In the thick of the worst of war, ‘In Prague’ where:

A skull, embedded in a dirt wall seems, for a moment,
as white and round as bread. Jaws, on metal stands,
tagged with numbers, wait for a turn to be whole again.

Here, dates are rounded to the nearest hundred.

Tarsals, femurs, ulna, open-pored
bones like coral, legs bowed, dried marrow
dark as tunnels, joint like fists, teeth.

The poet-narrator wants to move to where memory is kinetic action, where language is recorded in the natural world and where atrocities are named:

Take me where memory makes my legs move.
Take me where moss holds language.
Take me where we have a name for the things we do.

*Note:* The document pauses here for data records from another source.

(* Let $m,n\geq 2$, let $P_m+P_n$ be the join of the paths $P_m$ and $P_n$, and let $g:V(G_1)\to V(G_2)$ be any function between two disjoint copies $G_1,G_2$ of $P_m+P_n$ whose image has size $s$ with $1<s<m+n$. Then $1\leq Dist(F_{P_m+P_n})\leq 3$.
   Context: $P_k$ denotes the path on $k$ vertices. The join $G+G^*$ of graphs with disjoint vertex sets has vertex set $V(G)\cup V(G^* )$ and edge set $E(G)\cup E(G^* )\cup\{uv: u\in V(G), v\in V(G^* )\}$. $Dist(H)$ is the least $t$ such that $H$ has a labeling $V(H)\to\{1,\dots,t\}$ preserved by no non-identity automorphism of $H$. Functigraph: for disjoint copies $G_1,G_2$ of $G$ and a function $g:V(G_1)\to V(G_2)$, $F_G$ has vertex set $V(G_1)\cup V(G_2)$ and edge set $E(G_1)\cup E(G_2)\cup\{uv: u\in V(G_1),\ g(u)=v\}$. *)

From mathcomp Require Import all_boot all_order all_fingroup.
Set Implicit Arguments. Unset Strict Implicit. Unset Printing Implicit Defensive.

Definition path_graph (k : nat) : rel 'I_k :=
  fun i j => (i.+1 == j :> nat) || (j.+1 == i :> nat).

Arguments path_graph k : clear implicits.

Definition graph_join (A B : finType) (eA : rel A) (eB : rel B) : rel (A + B) :=
  fun x y => match x, y with
             | inl a, inl a' => eA a a'
             | inr b, inr b' => eB b b'
             | _, _ => true
             end.

Definition functigraph (V : finType) (e : rel V) (g : V -> V) : rel (V + V) :=
  fun x y => match x, y with
             | inl u, inl u' => e u u'
             | inr v, inr v' => e v v'
             | inl u, inr v => g u == v
             | inr v, inl u => g u == v
             end.

Definition is_automorphism (T : finType) (e : rel T) (s : {perm T}) : bool :=
  [forall x, forall y, e (s x) (s y) == e x y].

Definition distinguishing_labeling (T : finType) (e : rel T) (t : nat)
  (f : T -> 'I_t) : bool :=
  [forall s : {perm T}, (is_automorphism e s && [forall x, f (s x) == f x])
                          ==> (s == 1%g)].

Definition has_dist_labeling (T : finType) (e : rel T) (t : nat) : bool :=
  [exists f : {ffun T -> 'I_t}, distinguishing_labeling e f].

Lemma has_dist_labeling_card (T : finType) (e : rel T) :
  has_dist_labeling e #|T|.
Proof.
apply/existsP; exists [ffun x => enum_rank x].
apply/forallP => s; apply/implyP => /andP [_ /forallP H].
apply/eqP/permP => x; rewrite perm1.
by have := H x; rewrite !ffunE => /eqP /enum_rank_inj.
Qed.

Lemma has_dist_labeling_ex (T : finType) (e : rel T) :
  exists t, has_dist_labeling e t.
Proof. by exists #|T|; apply: has_dist_labeling_card. Qed.

Definition Dist (T : finType) (e : rel T) : nat :=
  ex_minn (has_dist_labeling_ex e).

From mathcomp Require Import all_boot all_order all_fingroup.
From mathcomp Require Import zify.
Set Implicit Arguments. Unset Strict Implicit. Unset Printing Implicit Defensive.

(* Every automorphism s of F_G, G = P_m + P_n, maps each copy of G onto itself.
   A vertex of G_1 has a single neighbour in G_2, so if s keeps x in G_1, at
   most one neighbour of x leaves G_1; in a join of two paths with at least two
   vertices each, this lets at most one vertex leave G_1 as soon as one vertex
   stays, and likewise for G_2. Counting excludes the mixed cases, and an s
   exchanging the two copies would make g onto. So s is a pair (s1, s2) of
   automorphisms of G with g \o s1 = s2 \o g. When m > 2 (or n > 2), the same
   distinguishing 3-labelling of P_m + P_n on both copies suffices. When
   m = n = 2, G = K_4 and the labels follow g: the second copy marks a pair
   {g u, q} with q outside the image of g, the first a pair {u, v} with
   g u <> g v, so neither pair can be exchanged. *)

Lemma is_automorphismP (T : finType) (e : rel T) (s : {perm T}) :
  reflect {mono s : x y / e x y} (is_automorphism e s).
Proof.
apply: (iffP forallP) => [s_aut x y | s_mono x]; first exact/eqP/(forallP (s_aut x)).
by apply/forallP => y; rewrite s_mono.
Qed.

Lemma distinguishing_labelingP (T : finType) (e : rel T) t (f : T -> 'I_t) :
  reflect (forall s : {perm T}, {mono s : x y / e x y} ->
             (forall x, f (s x) = f x) -> s = 1%g)
          (distinguishing_labeling e f).
Proof.
apply: (iffP forallP) => [f_dist s s_mono s_f | f_dist s].
  apply/eqP; apply: (implyP (f_dist s)).
  by rewrite (introT (is_automorphismP _ _) s_mono); apply/forallP => x; rewrite s_f.
apply/implyP => /andP [/is_automorphismP s_mono /forallP s_f].
by apply/eqP/f_dist => // x; apply/eqP.
Qed.

Lemma Dist_le (T : finType) (e : rel T) t : has_dist_labeling e t -> Dist e <= t.
Proof. by rewrite /Dist; case: ex_minnP => d _; apply. Qed.

Lemma Dist_gt0 (T : finType) (e : rel T) (x : T) : 0 < Dist e.
Proof. by rewrite /Dist; case: ex_minnP => [[|d]] // /existsP [f _]; case: (f x). Qed.

Lemma path_graph_irrefl k : irreflexive (path_graph k).
Proof. by move=> i; apply/negP; case/orP => /eqP; lia. Qed.

Lemma path_graph_neighbour k : 1 < k -> forall i : 'I_k, exists j, path_graph k j i.
Proof.
move=> k_gt1 i; have i_lt := ltn_ord i.
have [i1_lt | i_last] := ltnP i.+1 k.
  by exists (Ordinal i1_lt); apply/orP; right.
have i1_lt : i.-1 < k by lia.
by exists (Ordinal i1_lt); apply/orP; left; apply/eqP => /=; lia.
Qed.

Lemma path_graph_aut_fix0 k (h : {perm 'I_k}) :
  {mono h : i j / path_graph k i j} -> (forall i : 'I_k, val i = 0 -> h i = i) -> h = 1%g.
Proof.
move=> h_mono h0.
suff fix_upto t (i : 'I_k) : i <= t -> h i = i.
  by apply/permP => i; rewrite perm1 (fix_upto i).
elim: t i => [|t IH] i le_it; first by apply/h0/eqP; rewrite -leqn0.
have [|lt_ti] := leqP i t; first exact: IH.
have i_lt := ltn_ord i; have t_lt : t < k by lia.
have : path_graph k (h (Ordinal t_lt)) (h i).
  by rewrite h_mono /path_graph /=; apply/orP; left; apply/eqP; lia.
rewrite IH //; case/orP => /eqP /= hi; first by apply: val_inj; rewrite /= -hi; lia.
have t1_lt : t.-1 < k by lia.
have : h i = h (Ordinal t1_lt) by apply: val_inj; rewrite (IH (Ordinal t1_lt)) /=; lia.
by move/perm_inj/(congr1 val) => /=; lia.
Qed.

Definition sum_swap {A B : Type} (x : A + B) : B + A :=
  match x with inl a => inr a | inr b => inl b end.

Lemma sum_swapK (A B : Type) : cancel (@sum_swap A B) (@sum_swap B A).
Proof. by case. Qed.

Lemma graph_join_swap (A B : finType) (eA : rel A) (eB : rel B) :
  {mono @sum_swap A B : x y / graph_join eA eB x y >-> graph_join eB eA x y}.
Proof. by case=> ? []. Qed.

Definition outer_neighbour_unique (T : Type) (e : rel T) (P : pred T) : Prop :=
  forall x y1 y2, P x -> ~~ P y1 -> ~~ P y2 -> e x y1 -> e x y2 -> y1 = y2.

Lemma outer_neighbour_unique_swap (A B : finType) (eA : rel A) (eB : rel B)
    (P : pred (A + B)) :
  outer_neighbour_unique (graph_join eA eB) P ->
  outer_neighbour_unique (graph_join eB eA) (P \o @sum_swap B A).
Proof.
move=> uP x y1 y2 Px N1 N2 E1 E2; apply: (can_inj (@sum_swapK B A)).
by apply: uP Px N1 N2 _ _; rewrite graph_join_swap.
Qed.

Lemma join_outside_inl_eq (A B : finType) (eA : rel A) (eB : rel B)
    (P : pred (A + B)) :
  (exists x, P x) -> outer_neighbour_unique (graph_join eA eB) P -> 1 < #|B| ->
  forall a1 a2, ~~ P (inl a1) -> ~~ P (inl a2) -> a1 = a2.
Proof.
move=> P_inhabited uP /card_gt1P [b1 [b2 [_ _ b12]]] a1 a2 N1 N2.
have [/existsP [b Pb] | /existsPn notPB] := boolP [exists b, P (inr b)].
  exact: inl_inj (uP _ _ _ Pb N1 N2 isT isT).
case: P_inhabited => [[a Pa | b Pb]]; last by move/negP: (notPB b).
by rewrite (inr_inj (uP _ _ _ Pa (notPB b1) (notPB b2) isT isT)) eqxx in b12.
Qed.

Lemma join_outside_le1 (A B : finType) (eA : rel A) (eB : rel B)
    (P : {pred A + B}) :
  1 < #|A| -> 1 < #|B| -> irreflexive eA -> (forall a, exists a', eA a' a) ->
  (exists x, P x) -> outer_neighbour_unique (graph_join eA eB) P ->
  #|[predC P]| <= 1.
Proof.
move=> A_gt1 B_gt1 eA_irr eA_nbr P_inhabited uP.
have left_eq := join_outside_inl_eq P_inhabited uP B_gt1.
have right_eq b1 b2 : ~~ P (inr b1) -> ~~ P (inr b2) -> b1 = b2.
  have [x Px] := P_inhabited.
  have P'_inhabited : exists x, (P \o @sum_swap B A) x.
    by exists (sum_swap x); rewrite /= sum_swapK.
  exact: join_outside_inl_eq P'_inhabited (outer_neighbour_unique_swap uP) A_gt1 b1 b2.
have no_mixed a b : ~~ P (inl a) -> ~~ P (inr b) -> False.
  move=> Na Nb; have [a' a'a] := eA_nbr a.
  have [Pa' | Na'] := boolP (P (inl a')); first by have := uP _ _ _ Pa' Na Nb a'a isT.
  by move: a'a; rewrite (left_eq _ _ Na' Na) eA_irr.
apply/card_le1_eqP => [[a1|b1] [a2|b2]]; rewrite !inE => N1 N2.
- by rewrite (left_eq _ _ N1 N2).
- by case: (no_mixed _ _ N1 N2).
- by case: (no_mixed _ _ N2 N1).
- by rewrite (right_eq _ _ N1 N2).
Qed.

Lemma card_sum_pred (A B : finType) (P : {pred A + B}) :
  #|P| = #|[pred a | inl a \in P]| + #|[pred b | inr b \in P]|.
Proof. by rewrite -!sum1_card big_sumType. Qed.

Lemma card_perm_to_inr (A B : finType) (s : {perm A + B}) :
  #|[pred a | ~~ is_inl (s (inl a))]| + #|[pred b | ~~ is_inl (s (inr b))]| = #|B|.
Proof.
have -> : #|B| = #|s @^-1: [set x | ~~ is_inl x]|.
  rewrite card_preimset; last exact: perm_inj.
  rewrite card_sum_pred.
  have -> : #|[pred a | inl a \in [set x : A + B | ~~ is_inl x]]| = 0.
    by apply: eq_card0 => a; rewrite !inE.
  by rewrite add0n; apply: eq_card => b; rewrite !inE.
by rewrite card_sum_pred; congr (_ + _); apply: eq_card => x; rewrite !inE.
Qed.

Lemma predC_card_full (T : finType) (P Q : {pred T}) :
  #|[predC P]| + #|[predC Q]| = #|T| -> (forall x, ~~ P x) -> forall x, Q x.
Proof.
move=> cardPQ P_empty x.
have cardPC : #|[predC P]| = #|T|.
  by rewrite -(cardC P) (eq_card0 (A := P)) // => y; apply/negbTE/P_empty.
have /card0_eq QC_empty : #|[predC Q]| = 0.
  by apply/eqP; rewrite -(eqn_add2l #|T|) -{1}cardPC cardPQ addn0.
by have := QC_empty x; rewrite !inE => /negbFE.
Qed.

Lemma sum_perm_split (A B : finType) (s : {perm A + B}) :
  (forall a, is_inl (s (inl a))) -> (forall b, ~~ is_inl (s (inr b))) ->
  exists (s1 : {perm A}) (s2 : {perm B}),
    (forall a, s (inl a) = inl (s1 a)) /\ (forall b, s (inr b) = inr (s2 b)).
Proof.
move=> sA sB.
pose s1 a := if s (inl a) is inl a' then a' else a.
pose s2 b := if s (inr b) is inr b' then b' else b.
have s1E a : s (inl a) = inl (s1 a) by move: (sA a); rewrite /s1; case: (s (inl a)).
have s2E b : s (inr b) = inr (s2 b) by move: (sB b); rewrite /s2; case: (s (inr b)).
have s1_inj : injective s1.
  by move=> a a' eq_s1; apply/inl_inj/(@perm_inj _ s); rewrite !s1E eq_s1.
have s2_inj : injective s2.
  by move=> b b' eq_s2; apply/inr_inj/(@perm_inj _ s); rewrite !s2E eq_s2.
by exists (perm s1_inj), (perm s2_inj); split=> x; rewrite permE.
Qed.

Lemma exists_notin_image (T : finType) (g : T -> T) :
  #|[set g x | x : T]| < #|T| -> exists q, q \notin [set g x | x : T].
Proof.
move=> img_lt; have img_card := cardsC [set g x | x : T].
have /card_gt0P [q] : 0 < #|~: [set g x | x : T]| by lia.
by rewrite inE; exists q.
Qed.

Lemma exists_notin2 (T : finType) (p q : T) : 2 < #|T| -> exists r, (r != p) && (r != q).
Proof.
move=> T_gt2; have card_pqC := cardsC [set p; q].
have card_pq : #|[set p; q]| <= 2 by rewrite cards2; case: (p != q).
have /card_gt0P [r] : 0 < #|~: [set p; q]| by lia.
by rewrite !inE negb_or; exists r.
Qed.

Section Functigraph.

Variables (T : finType) (e : rel T) (g : T -> T).
Local Notation F := (functigraph e g).

Lemma functigraph_copy_outer_unique (j : T -> T + T) :
  injective j -> {mono j : x y / e x y >-> F x y} ->
  outer_neighbour_unique e [pred x | is_inl (j x)].
Proof.
move=> j_inj j_mono x y1 y2 /= jx jy1 jy2 E1 E2; apply: j_inj.
rewrite -!j_mono in E1 E2; move: jx jy1 jy2 E1 E2.
case: (j x) => // a _; case: (j y1) => // b1 _; case: (j y2) => // b2 _ /=.
by move=> /eqP <- /eqP <-.
Qed.

Lemma functigraph_aut_flip_onto (s : {perm T + T}) :
  {mono s : x y / F x y} -> (forall v, is_inl (s (inr v))) ->
  forall b, b \in [set g x | x : T].
Proof.
move=> s_mono right_to_left b.
have := permKV s (inr b); case: ((s^-1)%g (inr b)) => [a | v] sb; last first.
  by move: (right_to_left v); rewrite sb.
have := s_mono (inl a) (inr (g a)); rewrite /= eqxx sb.
move: (right_to_left (g a)); case: (s (inr (g a))) => // c _ /= /eqP <-.
exact: imset_f.
Qed.

Definition distinguishing_pair t (L1 L2 : T -> 'I_t) : Prop :=
  forall s1 s2 : {perm T}, {mono s1 : x y / e x y} -> {mono s2 : x y / e x y} ->
    (forall x, g (s1 x) = s2 (g x)) ->
    (forall x, L1 (s1 x) = L1 x) -> (forall x, L2 (s2 x) = L2 x) ->
    s1 = 1%g /\ s2 = 1%g.

Lemma distinguishing_pair_diag t (L : T -> 'I_t) :
  distinguishing_labeling e L -> distinguishing_pair L L.
Proof.
move=> /distinguishing_labelingP L_dist s1 s2 s1_mono s2_mono _ s1_L s2_L.
by split; apply: L_dist.
Qed.

Hypothesis aut_preserves_copies : forall s : {perm T + T}, {mono s : x y / F x y} ->
  (forall u, is_inl (s (inl u))) /\ (forall v, ~~ is_inl (s (inr v))).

The battle of the sexes surfaces in ‘What The Water Gives Me’, based on a Frida Kahlo painting, where the painter-narrator reflects on her turbulent marriage to Diego Rivera. Here ‘Motion, not heart, undertakes every marriage’ and attracts mold, thus ages or fades, and ends somewhat hauntingly with Frida seeing children with ‘soft, miscarried faces.’

This thoughtful collection is a joy to read, evoking elusive states, and coming at the reader from all angles. It is thoroughly recommended.